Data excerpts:
______

Lemma mem_nz_weights D S x :
  {in S, forall c, (lee D c == 0)%N = (c == zero_word)} ->
  (x \in nz_weights D S) = (x != 0)%N && (0 < freq D S x)%N.
Proof.
move=> lee_eq0; apply/mapP/andP => [[c] | [x_neq0 /card_gt0P[c]]].
  rewrite mem_filter mem_enum => /andP[c_neq0 cS] ->; split; first by rewrite lee_eq0.
  by apply/card_gt0P; exists c; rewrite inE cS eqxx.
rewrite inE => /andP[cS /eqP lee_c]; exists c => //.
by rewrite mem_filter mem_enum cS andbT -lee_eq0 // lee_c.
Qed.

Lemma min_lee_nz_weights D S w :
  w \in nz_weights D S -> {in nz_weights D S, forall x, w <= x}%N -> min_lee D S w.
Proof.
move=> /mapP[c]; rewrite mem_filter mem_enum => /andP[c_neq0 cS] ->{w} c_min.
split; first by exists c.
by move=> c' c'S c'_neq0; apply: c_min; apply: map_f; rewrite mem_filter mem_enum c'_neq0.
Qed.

Lemma num_weights_nz_weights D S ws :
  nz_weights D S =i ws -> uniq ws -> num_weights D S = size ws.
Proof.
move=> nzwE ws_uniq; apply: perm_size; apply: uniq_perm => // [|x].
  exact: undup_uniq.
by rewrite mem_undup nzwE.
Qed.
End Codes.

Lemma weight_profile (F : finFieldType) (m : nat) (D : {set elt F m}) (S : {set word F m})
    (W1 W2 W3 W4 f1 f2 f3 f4 : nat) :
  {in S, forall c, (lee D c == 0)%N = (c == zero_word F m)} ->
  (forall w, freq D S w =
     (w == 0) + (w == W1) * f1 + (w == W2) * f2 + (w == W3) * f3 + (w == W4) * f4)%N ->
  (0 < W1 < W2)%N -> (W2 < W3 < W4)%N -> (0 < f2)%N -> (0 < f4)%N ->
  (f1 == 0)%N = (f3 == 0)%N ->
  min_lee D S (if f1 == 0 then W2 else W1)%N /\
  num_weights D S = (if f1 == 0 then 2 else 4)%N.
Proof.
move=> lee_eq0 freqE /andP[W1_gt0 W12] /andP[W23 W34] f2_gt0 f4_gt0 f13.
have nzwE x : (x \in nz_weights D S) =
    [|| (x == W1) && (0 < f1), x == W2, (x == W3) && (0 < f3) | x == W4]%N.
  rewrite mem_nz_weights // freqE.
  by case: (x =P 0%N); case: (x =P W1); case: (x =P W2); case: (x =P W3); case: (x =P W4);
    move=> /= *; lia.
case: (eqVneq f1 0%N) f13 => [f1_0 /esym/eqP f3_0 | f1_neq0 /esym/negbT f3_neq0] /=.
  have {}nzwE : nz_weights D S =i [:: W2; W4].
    by move=> x; rewrite nzwE f1_0 f3_0 !inE !ltnn !andbF.
  split; last by apply: (num_weights_nz_weights nzwE); rewrite /= inE andbT; lia.
  by apply: min_lee_nz_weights => [|x]; rewrite nzwE ?inE ?eqxx // => /orP[] /eqP ->; lia.
have {}nzwE : nz_weights D S =i [:: W1; W2; W3; W4].
  by move=> x; rewrite nzwE !lt0n f1_neq0 f3_neq0 !inE !andbT.
split; last by apply: (num_weights_nz_weights nzwE); rewrite /= !inE !andbT; lia.
by apply: min_lee_nz_weights => [|x]; rewrite nzwE ?inE ?eqxx // => /or4P[] /eqP ->; lia.
Qed.

Lemma card_gt1_finField (F : finFieldType) : (1 < #|F|)%N.
Proof. by rewrite -cardsT; apply/card_gt1P; exists 0, 1; rewrite !inE eq_sym oner_neq0. Qed.

Section DefiningSet.
Variables (F : finFieldType) (m : nat) (A B C : {set 'I_m}).
Local Notation vec := (vec F m).
Local Notation elt := (elt F m).
Local Notation dot := (@dot F m).
Local Notation Delta := (Delta F).
Local Notation D := (S1 F A B C).
Local Notation q := #|F|.

Lemma S1E : D = setX (setX (Delta A) (Delta B)) (~: Delta C).
Proof. by apply/setP => -[[x y] z]; rewrite inE !in_setX in_setC /= andbA. Qed.

Lemma card_S1 : #|D| = (q ^ (#|A| + #|B|) * (q ^ m - q ^ #|C|))%N.
Proof. by rewrite S1E !cardsX card_notDelta !card_Delta expnD. Qed.

Definition form (al be f : vec) (s : elt) := dot al s.1.1 + dot be s.1.2 + dot f s.2.

Definition nz_form al be f := #|[set s in D | form al be f s != 0]|.

Lemma lee_codeword_S1 d e f :
  lee D (codeword D (d, e, f)) = (nz_form e d f + nz_form (d + e)%R d f)%N.
Proof.
rewrite lee_codeword; congr (_ + _)%N; apply: eq_card => s; rewrite !inE /form /=.
  by rewrite [dot d _ + _]addrC.
by rewrite dotDl; congr (_ && (_ != _)); ring.
Qed.

Definition wt1 := ((q - 1) * q ^ (#|A| + #|B| - 1) * (q ^ m - q ^ #|C|))%N.
Definition wt_half := ((q - 1) * q ^ (m + #|A| + #|B| - 1))%N.

Lemma nz_form_touching al be f : touches A al || touches B be -> nz_form al be f = wt1.
Proof.
have card_S1_split i : i \in A :|: B ->
    #|D| = (q * (q ^ (#|A| + #|B| - 1) * (q ^ m - q ^ #|C|)))%N.
  move=> iAB; have AB_gt0 : (0 < #|A| + #|B|)%N.
    rewrite addn_gt0; case/setUP: iAB => iP; apply/orP; [left | right];
    by apply/card_gt0P; exists i.
  by rewrite card_S1 mulnA -expnS subn1 prednK.
rewrite /wt1 -mulnA; case/orP => /pred0Pn[i /andP[/[!inE] touch_i iP]].
- apply: (card_shift_neq0 (phi := form al be f)
            (tau := fun t s => (s.1.1 + delta_vec i (t / al i), s.1.2, s.2))).
  + move=> t [[w1 w2] w3]; rewrite S1E !in_setX /= => /andP[/andP[w1A ->] ->].
    by rewrite DeltaD ?Delta_delta_vec.
  + by move=> t s; rewrite /form /= dot_shift //; ring.
  + by move=> t [[w1 w2] w3] /=; rewrite shiftK.
  + by apply: (card_S1_split i); apply/setUP; left.
- apply: (card_shift_neq0 (phi := form al be f)
            (tau := fun t s => (s.1.1, s.1.2 + delta_vec i (t / be i), s.2))).
  + move=> t [[w1 w2] w3]; rewrite S1E !in_setX /= => /andP[/andP[-> w2B] ->].
    by rewrite DeltaD ?Delta_delta_vec.
  + by move=> t s; rewrite /form /= dot_shift //; ring.
  + by move=> t [[w1 w2] w3] /=; rewrite shiftK.
  + by apply: (card_S1_split i); apply/setUP; right.
Qed.

Lemma nz_form_untouched al be f : ~~ touches A al -> ~~ touches B be ->
  nz_form al be f = (q ^ (#|A| + #|B|) * #|[set w in ~: Delta C | dot f w != 0%R]|)%N.
Proof.
move=> untouched_A untouched_B.
rewrite /nz_form S1E expnD -!card_Delta -!cardsX; apply: eq_card => -[[w1 w2] w3].
rewrite [LHS]in_set [RHS]in_set !in_setX /form /= [w3 \in [set _ in _ | _]]in_set -!andbA.
case: (boolP (w1 \in Delta A)) => //= w1A; case: (boolP (w2 \in Delta B)) => //= w2B.
by rewrite (dot_Delta_untouched untouched_A w1A) (dot_Delta_untouched untouched_B w2B) !add0r.
Qed.

Definition f_class (f : vec) := (f != 0, touches C f).

Definition half_weight (g : bool) (k : bool * bool) :=
  if g then wt1 else if k.1 then (if k.2 then wt1 else wt_half) else 0%N.

Lemma nz_form_S1 al be f : A != set0 ->
  nz_form al be f = half_weight (touches A al || touches B be) (f_class f).
Proof.
move=> A_neq0; rewrite /half_weight /f_class /=.
case: ifPn => [|/norP[untouched_A untouched_B]]; first exact: nz_form_touching.
rewrite nz_form_untouched // card_notDelta_dot_neq0 !card_Delta_dot_neq0.
rewrite touches_setT cardsT card_ord; case: (eqVneq f 0) => [_|/eqP f_neq0] /=.
  by rewrite sub0n muln0.
have expS n : (0 < n)%N -> (q ^ n = q * q ^ (n - 1))%N by move=> n_gt0; rewrite -expnS subn1 prednK.
have m_gt0 : (0 < m)%N.
  case: (posnP m) => // m0; case: f_neq0; apply/ffunP => i.
  by have := ltn_ord i; rewrite {2}m0.
have AB_gt0 : (0 < #|A| + #|B|)%N by rewrite addn_gt0 card_gt0 A_neq0.
rewrite [(q ^ (_ + _))%N]expS //; case: ifPn => [touch_C | _]; last first.
  rewrite subn0 /wt_half.
  have -> : (m + #|A| + #|B| - 1 = (m - 1) + 1 + (#|A| + #|B| - 1))%N by lia.
  by rewrite !expnD expn1; ring.
have C_gt0 : (0 < #|C|)%N.
  by case/pred0Pn: touch_C => i /andP[_ iC]; apply/card_gt0P; exists i.
by rewrite /wt1 -mulnBr (expS m) // (expS #|C|) // -mulnBr; ring.
Qed.

Definition de_class (de : vec * vec) :=
  (touches A de.2 || touches B de.1, touches A (de.1 + de.2) || touches B de.1).

Definition class_weight (i k : bool * bool) := (half_weight i.1 k + half_weight i.2 k)%N.

Lemma lee_codeword_class r : A != set0 ->
  lee D (codeword D r) = class_weight (de_class r.1) (f_class r.2).
Proof. by case: r => [[d e] f] A_neq0; rewrite lee_codeword_S1 !nz_form_S1. Qed.

Local Notation normal_de := (setX (Delta (A :|: B)) (Delta A)).

Local Notation normal_elts := (setX normal_de [set: vec]).

(* Only the coordinates of [d] in [A :|: B] and of [e] in [A] are seen by [D]. *)
Lemma code_S1E : code D = codeword D @: normal_elts.
Proof.
apply/setP => c; apply/imsetP/imsetP => -[r rN ->]; last by exists r.
exists (restrict (A :|: B) r.1.1, restrict A r.1.2, r.2).
  by rewrite !in_setX !restrict_Delta in_setT.
apply/ffunP => -[[w1 w2] w3]; rewrite !ffunE; case: ifP => // sD.
move: sD; rewrite S1E !in_setX => /andP[/andP[w1A w2B] _].
have w1AB := Delta_subset (subsetUl A B) w1A; have w2AB := Delta_subset (subsetUr A B) w2B.
by rewrite /ip /= !dot_restrict.
Qed.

______

TASK INSTRUCTIONS
Return each full line of the entries that contains the word "mapP".

RESULT OF THE TASK
move=> lee_eq0; apply/mapP/andP => [[c] | [x_neq0 /card_gt0P[c]]].
move=> /mapP[c]; rewrite mem_filter mem_enum => /andP[c_neq0 cS] ->{w} c_min.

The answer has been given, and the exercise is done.